No, from what I can see, their UDP implementation will have the same client address limitation. I seem to recall looking at a version of their documentation that called this out, but I can't see it in their current one.

In addition, the fact that their Service Mesh product uses eBPF to inject PROXY protocol headers in order to make this work tends to bear this out, for me.

  1. Ambassador Labs Emissary Ingress which is based on Envoy supports HTTP/3. HTTP/3 rides on QUIC which is UDP based. What are they doing that is out of reach for Envoy Gateway supporting UDP?

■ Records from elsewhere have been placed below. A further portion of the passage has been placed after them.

(* Let $D=(N,A)$, $\mathcal{K}$, $\{D^k\}_{k\in\mathcal{K}}$ be an instance of SND-RR with time horizon $T$, $\mathcal{A}$ a valid arc partition, $G=G(D,\mathcal{A})=(V,E)$ the auxiliary flat network, and $G_S=(V_S,E_S\cup F_S)$ a partial network of $G$ satisfying properties (P1$'$) and (P2$'$) below. Then the optimal value of SND-RR$(G_S)$ is a lower bound on the optimal value of SND-RR$(G_T)$. (P1$'$) For all $k\in\mathcal{K}$, $(o'_k,r_k)\in V_S$ and $(d^0_k,l_k)\in V_S$; for all $v\in N$, $(v^0,T)\in V_S$ and $(u,0)\in V_S$ for all $u\in\mathcal{V}(v)$. (P2$'$) For all $xz\in E$ and all $(x,t)\in V_S$ with $t+\tau_{xz}\le T$, we have $((x,t),(z,t'))\in E_S$ where $t'=\max\{r: r\le t+\tau_{xz},\ (z,r)\in V_S\}$.
   Context: An instance of SND-RR consists of: a directed graph $D=(N,A)$; for each $vw\in A$ a transit time $\tau_{vw}\in\mathbb{Z}_{>0}$, fixed cost $f_{vw}>0$, capacity $u_{vw}\in\mathbb{Z}_{>0}$, per-unit cost $c^k_{vw}>0$ for each commodity $k$; commodities $\mathcal{K}$, each with origin $o_k$, destination $d_k$, demand $q_k$, release time $r_k$, deadline $l_k$ (integers, earliest release $0$); subgraphs $D^k=(N^k,A^k)\subseteq D$ with $\delta^+_{D^k}(d_k)=\emptyset$ and $\delta^+_{D^k}(v)\ne\emptyset$ for $v\in N^k\setminus\{d_k\}$. $T=\max_kl_k$, $[T]=\{0,\dots,T\}$. For a timed arc $a=((v,t),(w,t'))$ with underlying arc $vw$: $u_a=u_{vw}$, $f_a=f_{vw}$, $c^k_a=c^k_{vw}$, $\tau_a=\tau_{vw}$ (not $t'-t$). $x^k(S)=\sum_{a\in S}x^k_a$; $\delta^\pm_H(v,t)$ are outgoing/incoming timed arcs in $H$. Valid partition: $\mathcal{A}=\{\mathcal{A}_v\}_{v\in N}$, each $\mathcal{A}_v$ a partition of $\delta^+_D(v)$, such that for each $k$, $\delta^+_{D^k}(v)\subseteq A_i$ for some $A_i\in\mathcal{A}_v$. Auxiliary network $G=(V,E)$: $\mathcal{V}(v)=\{v^0,\dots,v^{|\mathcal{A}_v|}\}$ (copy $v^i$ per part $A_i\in\mathcal{A}_v$, terminal copy $v^0$), $V=\bigcup_v\mathcal{V}(v)$, $E=\{v^iw^j:vw\in A_i\in\mathcal{A}_v,w^j\in\mathcal{V}(w)\}$, each $v^iw^j$ with the transit time and costs of $vw$. With $\mathcal{K}(A_i)=\{k:\emptyset\ne\delta^+_{D^k}(v)\subseteq A_i\}$: $G^k=(V^k,E^k)$, $V^k=\{v^i:v\in N^k,A_i\in\mathcal{A}_v,k\in\mathcal{K}(A_i)\}\cup\{d^0_k\}$, $E^k=\{v^iw^j:vw\in A^k,v^i,w^j\in V^k\}$; $o'_k$ is the unique copy of $o_k$ in $V^k$. Full time-expanded network of $G$: $G_T=(V_T,E_T\cup F_T)$ with $V_T=V\times[T]$, movement arcs $((x,t),(z,t+\tau_{xz}))$ for $xz\in E$, $t+\tau_{xz}\le T$, holdover arcs $((x,t),(x,t+1))$; similarly $G^k_T=(V^k_T,E^k_T\cup F^k_T)$, and $D_T=(N_T,A_T\cup H_T)$ for $D$. For $a=((v,t),(w,t'))\in A_T$, $\mathcal{E}_T(a)=\{((v^i,t),(w^j,t')):vw\in A_i\in\mathcal{A}_v,w^j\in\mathcal{V}(w)\}$. SND-RR$(G_T)$: minimize $\sum_{a\in A_T}f_ay_a+\sum_k\sum_{e\in E_T}c^k_eq_kx^k_e$ s.t. for all $k$, $(x,t)\in V^k_T$: $x^k(\delta^+_{G^k_T}(x,t))-x^k(\delta^-_{G^k_T}(x,t))$ is $1$ at $(o'_k,r_k)$, $-1$ at $(d^0_k,l_k)$, $0$ otherwise; $\sum_k\sum_{e\in\mathcal{E}_T(a)}q_kx^k_e\le u_ay_a$ for $a\in A_T$; $x^k_e\in\{0,1\}$ for $e\in E^k_T\cup F^k_T$ ($0$ otherwise); $y_a\in\mathbb{Z}_{\ge0}$. A partial network of $G$ is $G_S=(V_S,E_S\cup F_S)$ with $V_S\subseteq V_T$, $E_S\subseteq\{((x,t),(z,t')):(x,t)\in V_T,xz\in E,t'\le t+\tau_{xz}\le T\}$, and $F_S$ the holdover arcs joining each $(x,t)\in V_S$ to the next copy of $x$ in $V_S$. $G^k_S=(V^k_S,E^k_S\cup F^k_S)$: $V^k_S=\{(x,t)\in V_S:x\in V^k\}$, $E^k_S=\{((x,t),(z,t'))\in E_S:xz\in E^k\}$, $F^k_S$ the arcs of $F_S$ on copies of nodes of $V^k$. The associated partial network of $D$ is $D_S(G_S)=(N_S,A_S\cup H_S)$ with $N_S=\{(v,t):(u,t)\in V_S\text{ for some }u\in\mathcal{V}(v)\}$ and $A_S=\{((v,t),(w,t')):(v,t)\in N_S,vw\in A,t+\tau_{vw}\le T,t'=\max\{r:r\le t+\tau_{vw},(w,r)\in N_S\}\}$. For $a=((v,t),(w,t'))\in A_S$, $\mathcal{E}_S(a)=\{((v^i,t),(w^j,t''))\in E_S: w^j\in\mathcal{V}(w), vw\in A_i\in\mathcal{A}_v\}$. SND-RR$(G_S)$: minimize $\sum_{a\in A_S}f_ay_a+\sum_k\sum_{e\in E_S}c^k_eq_kx^k_e$ s.t. for all $k$, $(x,t)\in V^k_S$: $x^k(\delta^+_{G^k_S}(x,t))-x^k(\delta^-_{G^k_S}(x,t))$ is $1$ at $(o'_k,r_k)$, $-1$ at $(d^0_k,l_k)$, $0$ otherwise; $\sum_k\sum_{e\in\mathcal{E}_S(a)}q_kx^k_e\le u_ay_a$ for all $a\in A_S$; $\sum_{e\in E^k_S}\tau_ex^k_e\le l_k-r_k$ for all $k$; $x^k_e\in\{0,1\}$ for $e\in E^k_S\cup F^k_S$ ($0$ otherwise); $y_a\in\mathbb{Z}_{\ge0}$ for $a\in A_S$. *)

From HB Require Import structures.
From mathcomp Require Import all_boot all_order all_algebra.
Set Implicit Arguments. Unset Strict Implicit. Unset Printing Implicit Defensive.
Import Order.TTheory GRing.Theory Num.Theory.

QUIC is different, because QUIC uses UDP as a transport, but has higher-layer constructs to allow the backend to rebuild the actual client address (like X-Forwarded-For in HTTP/1 and HTTP/2). So it doesn't matter in those cases if the actual client IP is lost along the way.

Most other UDP protocols don't have this, sadly.

  1. Should the documentation of the Kubernetes Gateway API specification modify their documentation to indicate that of the reverse proxies, Envoy is unable to support UDPRoute?

It's not really a matter for Gateway API - Gateway API defines what a UDPRoute is - the fact that Envoy running as an in-cluster proxy can't do it isn't really relevant there.

I would love to have a way to make this work the way we all want it to, but trying to proxy UDP with cluster networking really is the worst-case scenario, sadly.

zhaohuabing commented 1 year ago

It seems like we don't have a workable solution for trasparent proxying for both UDP and TCP in the short term. So I'll go with the non-trasparent mode and add some documentation on that to make it clear to the users. Does this sound good?

BTY, if people really relies on the real source address in an application protocol based on UDP and want to deploy their applications in cloud infrastructure, they may need to switch to an application-level solution to get the source address because there're good chances that there're other non-transparent hops between the client and the server.

github-actions[bot] commented 1 year ago

This issue has been automatically marked as stale because it has not had activity in the last 30 days. It will be closed in the next 7 days unless it is tagged "help wanted" or "no stalebot" or other activity occurs. Thank you for your contributions.

github-actions[bot] commented 1 year ago

This issue has been automatically closed because it has not had activity in the last 37 days. If this issue is still valid, please ping a maintainer and ask them to label it as "help wanted" or "no stalebot". Thank you for your contributions.

arkodg commented 1 year ago

lets keep this issue open until end to end functionality is shown in the docs

danehans commented 1 year ago

@zhaohuabing do you mind adding a user doc to close out this issue?

zhaohuabing commented 1 year ago

@danehans Sorry for the delay. My hands were tide for the last few weeks. I'll add the doc this week and close this issue.